▶ _What the task asks_
Pick out each line below containing "halfable".

______

(* Let $S$ be an Enriques surface of the first Mendes Lopes–Pardini family and $\mathcal{R}=\{R_1,\dots,R_{12}\}$ as in the context. Then the elliptic fibrations in $\mathcal{E}(S,\mathcal{R})$ are: $2$ of type $(2\widetilde{A}_3^{\mathrm{HF}})$, $8$ of type $(\widetilde{A}_7^{\mathrm{F}})$, $8$ of type $(\widetilde{A}_7^{\mathrm{HF}})$, $2$ of type $(2\widetilde{D}_4^{\mathrm{F}})$, $8$ of type $(\widetilde{D}_6^{\mathrm{F}})$, $16$ of type $(\widetilde{D}_8^{\mathrm{F}})$. Moreover $\mathrm{cnd}(S,\mathcal{R})=8$, hence $\mathrm{nd}(S)\ge 8$, and the following classes form an isotropic sequence of classes of half-fibers of length $8$: $[R_1+R_2+R_3+R_4]$, $\tfrac12[R_1+R_2+R_4+R_5+R_7+R_8+R_{10}+R_{11}]$, $\tfrac12[R_1+R_2+R_4+R_5+R_7+R_9+R_{10}+R_{12}]$, $\tfrac12[R_1+R_3+R_4+R_5+R_7+R_8+R_{10}+R_{12}]$, $\tfrac12[R_1+R_3+R_4+R_5+R_7+R_9+R_{10}+R_{11}]$, $\tfrac12[R_2+R_3+2R_4+R_5+R_6]$, $\tfrac12[2R_1+R_2+R_3+R_{11}+R_{12}]$, $\tfrac12[R_2+R_3+2R_4+2R_5+2R_7+R_8+R_9]$.
   Context: Work over $\mathbb{C}$. Let $D_1,D_2$ be elliptic curves, $A=D_1\times D_2$, $a\in D_1$, $b\in D_2$ nonzero $2$-torsion points, and $\mathbb{Z}_2^2=\langle e_1,e_2\rangle$ acting by $e_1(x_1,x_2)=(-x_1,x_2+b)$, $e_2(x_1,x_2)=(x_1+a,-x_2)$. The minimal resolution $S$ of $A/\mathbb{Z}_2^2$ (which has eight $A_1$ points) is an Enriques surface; the two projections induce elliptic fibrations each with two $\widetilde{D}_4$ fibers, whose components are twelve smooth rational curves $R_1,\dots,R_{12}$ with dual graph: $R_1,R_4,R_7,R_{10}$ pairwise disjoint; $R_2,R_3$ each meet $R_1,R_4$; $R_5,R_6$ each meet $R_4,R_7$; $R_8,R_9$ each meet $R_7,R_{10}$; $R_{11},R_{12}$ each meet $R_{10},R_1$; all intersections $1$, no others. The labeling is such that $\tfrac12(R_1+R_2+R_4+R_5+R_7+R_8+R_{10}+R_{11})\in\mathrm{Num}(S)$. Definitions: $\mathrm{Num}(S)$ = divisors mod numerical equivalence. Half-fibers: reduced curves $F$ with $2F$ a multiple fiber of an elliptic fibration. $\mathrm{nd}(S)$ = maximal length of a sequence of classes of half-fibers $f_1,\dots,f_m$ with $f_i\cdot f_j=1$ for $i\neq j$. For a finite set $\mathcal{R}$ of smooth rational curves: an $\mathcal{R}$-elliptic cycle is $C=\sum_{R\in\mathcal{R}}a_RR$, $a_R\ge0$, whose support has dual graph an extended Dynkin diagram $\widetilde{A}_n,\widetilde{D}_n,\widetilde{E}_{6,7,8}$ with $a_R$ the multiplicities of the corresponding Kodaira fiber. Put $c(C)=\tfrac12[C]$ if $\tfrac12[C]\in\mathrm{Num}(S)$ (then $C$ is a fiber) and $c(C)=[C]$ otherwise (then $C$ is a half-fiber). $\mathsf{HF}(S,\mathcal{R})=\{c(C)\}$; $\mathrm{cnd}(S,\mathcal{R})$ = max $m$ with $f_1,\dots,f_m\in\mathsf{HF}(S,\mathcal{R})$, $f_i\cdot f_j=1-\delta_{ij}$; $\mathcal{E}(S,\mathcal{R})$ = set of elliptic fibrations $|2F|$ with $[F]\in\mathsf{HF}(S,\mathcal{R})$. The type of a fibration in $\mathcal{E}(S,\mathcal{R})$ is the formal sum, over the $\mathcal{R}$-elliptic cycles $C$ whose support is a fiber of it, of $X^{\mathrm{F}}$ (if $C$ is a fiber) or $X^{\mathrm{HF}}$ (if $C$ is a half-fiber), $X$ the extended Dynkin type of $C$. *)

From HB Require Import structures.
From mathcomp Require Import all_boot all_order all_algebra.
Set Implicit Arguments. Unset Strict Implicit. Unset Printing Implicit Defensive.
Import Order.TTheory GRing.Theory Num.Theory.
Local Open Scope ring_scope.

(* ---------- Num(S) modelled as Z^10 with an (even unimodular) form Q ---------- *)
Definition dot (Q : 'M[int]_10) (x y : 'rV[int]_10) : int := (x *m Q *m y^T) 0 0.

Definition halfable (x : 'rV[int]_10) : Prop := exists z : 'rV[int]_10, x = z *+ 2.

(* ---------- the configuration R_1..R_12 (index k : 'I_12 is R_(k+1)) ---------- *)
(* edges of the dual graph, 1-based labels as in the paper *)
Definition edges12 : seq (nat * nat) :=
  [:: (2,1); (2,4); (3,1); (3,4); (5,4); (5,7); (6,4); (6,7);
      (8,7); (8,10); (9,7); (9,10); (11,10); (11,1); (12,10); (12,1)].

Definition gram (i j : 'I_12) : int :=
  if i == j then -2
  else if ((i.+1, j.+1) \in edges12) || ((j.+1, i.+1) \in edges12) then 1 else 0.

(* a divisor sum_k a_k R_k given by its coefficient list [a_1; ...; a_12] *)
Definition coefs (l : seq nat) : {ffun 'I_12 -> nat} := [ffun i : 'I_12 => nth 0%N l (nat_of_ord i)].

Definition cls (r : 'I_12 -> 'rV[int]_10) (a : {ffun 'I_12 -> nat}) : 'rV[int]_10 :=
  \sum_(k < 12) (a k)%:Z *: r k.

Inductive ktype := KA of nat | KD of nat | KE6 | KE7 | KE8.

Definition ktype_code (X : ktype) : nat * nat :=
  match X with KA n => (0, n) | KD n => (1, n) | KE6 => (2, 0)%N
             | KE7 => (3, 0)%N | KE8 => (4, 0)%N end.
Definition ktype_decode (c : nat * nat) : option ktype :=
  match c with (0, n) => Some (KA n) | (1, n) => Some (KD n) | (2, _) => Some KE6
             | (3, _) => Some KE7 | (4, _) => Some KE8 | _ => None end%N.
Lemma ktype_codeK : pcancel ktype_code ktype_decode. Proof. by case. Qed.
HB.instance Definition _ := Equality.copy ktype (pcan_type ktype_codeK).

Definition kvalid (X : ktype) : bool :=
  match X with KA n => (0 < n)%N | KD n => (3 < n)%N | _ => true end.

Definition kv (X : ktype) : nat :=
  match X with KA n => n.+1 | KD n => n.+1 | KE6 => 7 | KE7 => 8 | KE8 => 9 end.

(* edges (with multiplicity: Ã_1 has a double edge) on vertices 0..kv X - 1 *)
Definition kedges (X : ktype) : seq (nat * nat) :=
  match X with
  | KA n => [seq (i, (i + 1) %% n.+1)%N | i <- iota 0 n.+1]
  | KD n => [seq (i, i.+1) | i <- iota 0 (n - 4)]
              ++ [:: (n - 3, 0); (n - 2, 0); (n - 1, n - 4); (n, n - 4)]%N
  | KE6 => [:: (0,1); (1,2); (0,3); (3,4); (0,5); (5,6)]%N
  | KE7 => [:: (0,1); (1,2); (2,3); (3,4); (4,5); (5,6); (3,7)]%N
  | KE8 => [:: (0,1); (1,2); (2,3); (3,4); (4,5); (5,6); (6,7); (2,8)]%N
  end.

Definition kM (X : ktype) (i j : nat) : int :=
  if i == j then -2
  else (count (fun e => (e == (i, j)) || (e == (j, i))) (kedges X))%:Z.

Definition kmult (X : ktype) (i : nat) : nat :=
  match X with
  | KA _ => 1
  | KD n => if (i <= n - 4)%N then 2 else 1
  | KE6 => nth 0 [:: 3; 2; 1; 2; 1; 2; 1] i
  | KE7 => nth 0 [:: 1; 2; 3; 4; 3; 2; 1; 2] i
  | KE8 => nth 0 [:: 2; 4; 6; 5; 4; 3; 2; 1; 3] i
  end%N.

Definition is_cycle (Q : 'M[int]_10) (r : 'I_12 -> 'rV[int]_10)
    (X : ktype) (a : {ffun 'I_12 -> nat}) : Prop :=
  kvalid X /\
  exists sigma : 'I_(kv X) -> 'I_12,
    [/\ injective sigma,
        (forall i j : 'I_(kv X), dot Q (r (sigma i)) (r (sigma j)) = kM X i j),
        (forall i : 'I_(kv X), a (sigma i) = kmult X i)
      & (forall k, (forall i, sigma i != k) -> a k = 0%N)].

Definition cmap (r : 'I_12 -> 'rV[int]_10) (a : {ffun 'I_12 -> nat})
    (f : 'rV[int]_10) : Prop :=
  (halfable (cls r a) /\ f *+ 2 = cls r a) \/ (~ halfable (cls r a) /\ f = cls r a).

Definition HF (Q : 'M[int]_10) (r : 'I_12 -> 'rV[int]_10) (f : 'rV[int]_10) : Prop :=
  exists X a, is_cycle Q r X a /\ cmap r a f.

(* the fibration |2F| with [F] = f has type T (a multiset of pairs
   (extended Dynkin type, true = fiber "F" / false = half-fiber "HF")):
   T lists, with multiplicity, the R-elliptic cycles C with c(C) = f. *)
Definition fib_type (Q : 'M[int]_10) (r : 'I_12 -> 'rV[int]_10) (f : 'rV[int]_10)
    (T : seq (ktype * bool)) : Prop :=
  exists s : seq (ktype * {ffun 'I_12 -> nat} * bool),
    [/\ uniq [seq x.1 | x <- s],
        (forall x, x \in s ->
           [/\ is_cycle Q r x.1.1 x.1.2, cmap r x.1.2 f & (x.2 = true <-> halfable (cls r x.1.2))]),
        (forall X a, is_cycle Q r X a -> cmap r a f -> exists b, (X, a, b) \in s)
      & perm_eq [seq (x.1.1, x.2) | x <- s] T].

Definition iso_seq (Q : 'M[int]_10) (r : 'I_12 -> 'rV[int]_10) (s : seq 'rV[int]_10) : Prop :=
  (forall f, f \in s -> HF Q r f) /\
  (forall i j, (i < size s)%N -> (j < size s)%N -> dot Q s`_i s`_j = (i != j)%:Z).

Definition cnd_eq (Q : 'M[int]_10) (r : 'I_12 -> 'rV[int]_10) (m : nat) : Prop :=
  (exists s, size s = m /\ iso_seq Q r s) /\ (forall s, iso_seq Q r s -> (size s <= m)%N).

From HB Require Import structures.
From mathcomp Require Import all_boot all_order all_algebra.
Import Order.TTheory GRing.Theory Num.Theory.
Set Implicit Arguments. Unset Strict Implicit. Unset Printing Implicit Defensive.
Local Open Scope ring_scope.

(* Everything happens in the sublattice of Num(S) spanned by R_1, ..., R_12 and
   halves z_1, ..., z_5 of the five divisible divisors of the hypotheses.  The
   intersection numbers of the R_k are given by the dual graph, and ten explicit
   combinations of them are pairwise orthogonal with nonzero squares, so the R_k
   span a sublattice of rank 10: a class of this lattice is determined by its
   intersection numbers with R_1, ..., R_12.  The R-elliptic cycles are found by
   enumerating the embeddings of the extended Dynkin diagrams into the dual graph
   (48 of them); for each we record c(C) in terms of the generators, or a generator
   with odd intersection with C, which proves that C is not divisible by 2.
   Grouping the cycles by c(C) gives the 44 fibrations and their types, and
   cnd(S, R) = 8 is an exhaustive search for cliques in the graph "f.g = 1" on the
   44 classes. *)

(* A foldr rather than a bigop, so that the checks below evaluate under [vm_compute]. *)
Definition iota_sum (n : nat) (F : nat -> int) : int :=
  foldr (fun j acc => F j + acc) 0 (iota 0 n).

______

▶ _Response to this task_
Definition halfable (x : 'rV[int]_10) : Prop := exists z : 'rV[int]_10, x = z *+ 2.
  (halfable (cls r a) /\ f *+ 2 = cls r a) \/ (~ halfable (cls r a) /\ f = cls r a).
           [/\ is_cycle Q r x.1.1 x.1.2, cmap r x.1.2 f & (x.2 = true <-> halfable (cls r x.1.2))]),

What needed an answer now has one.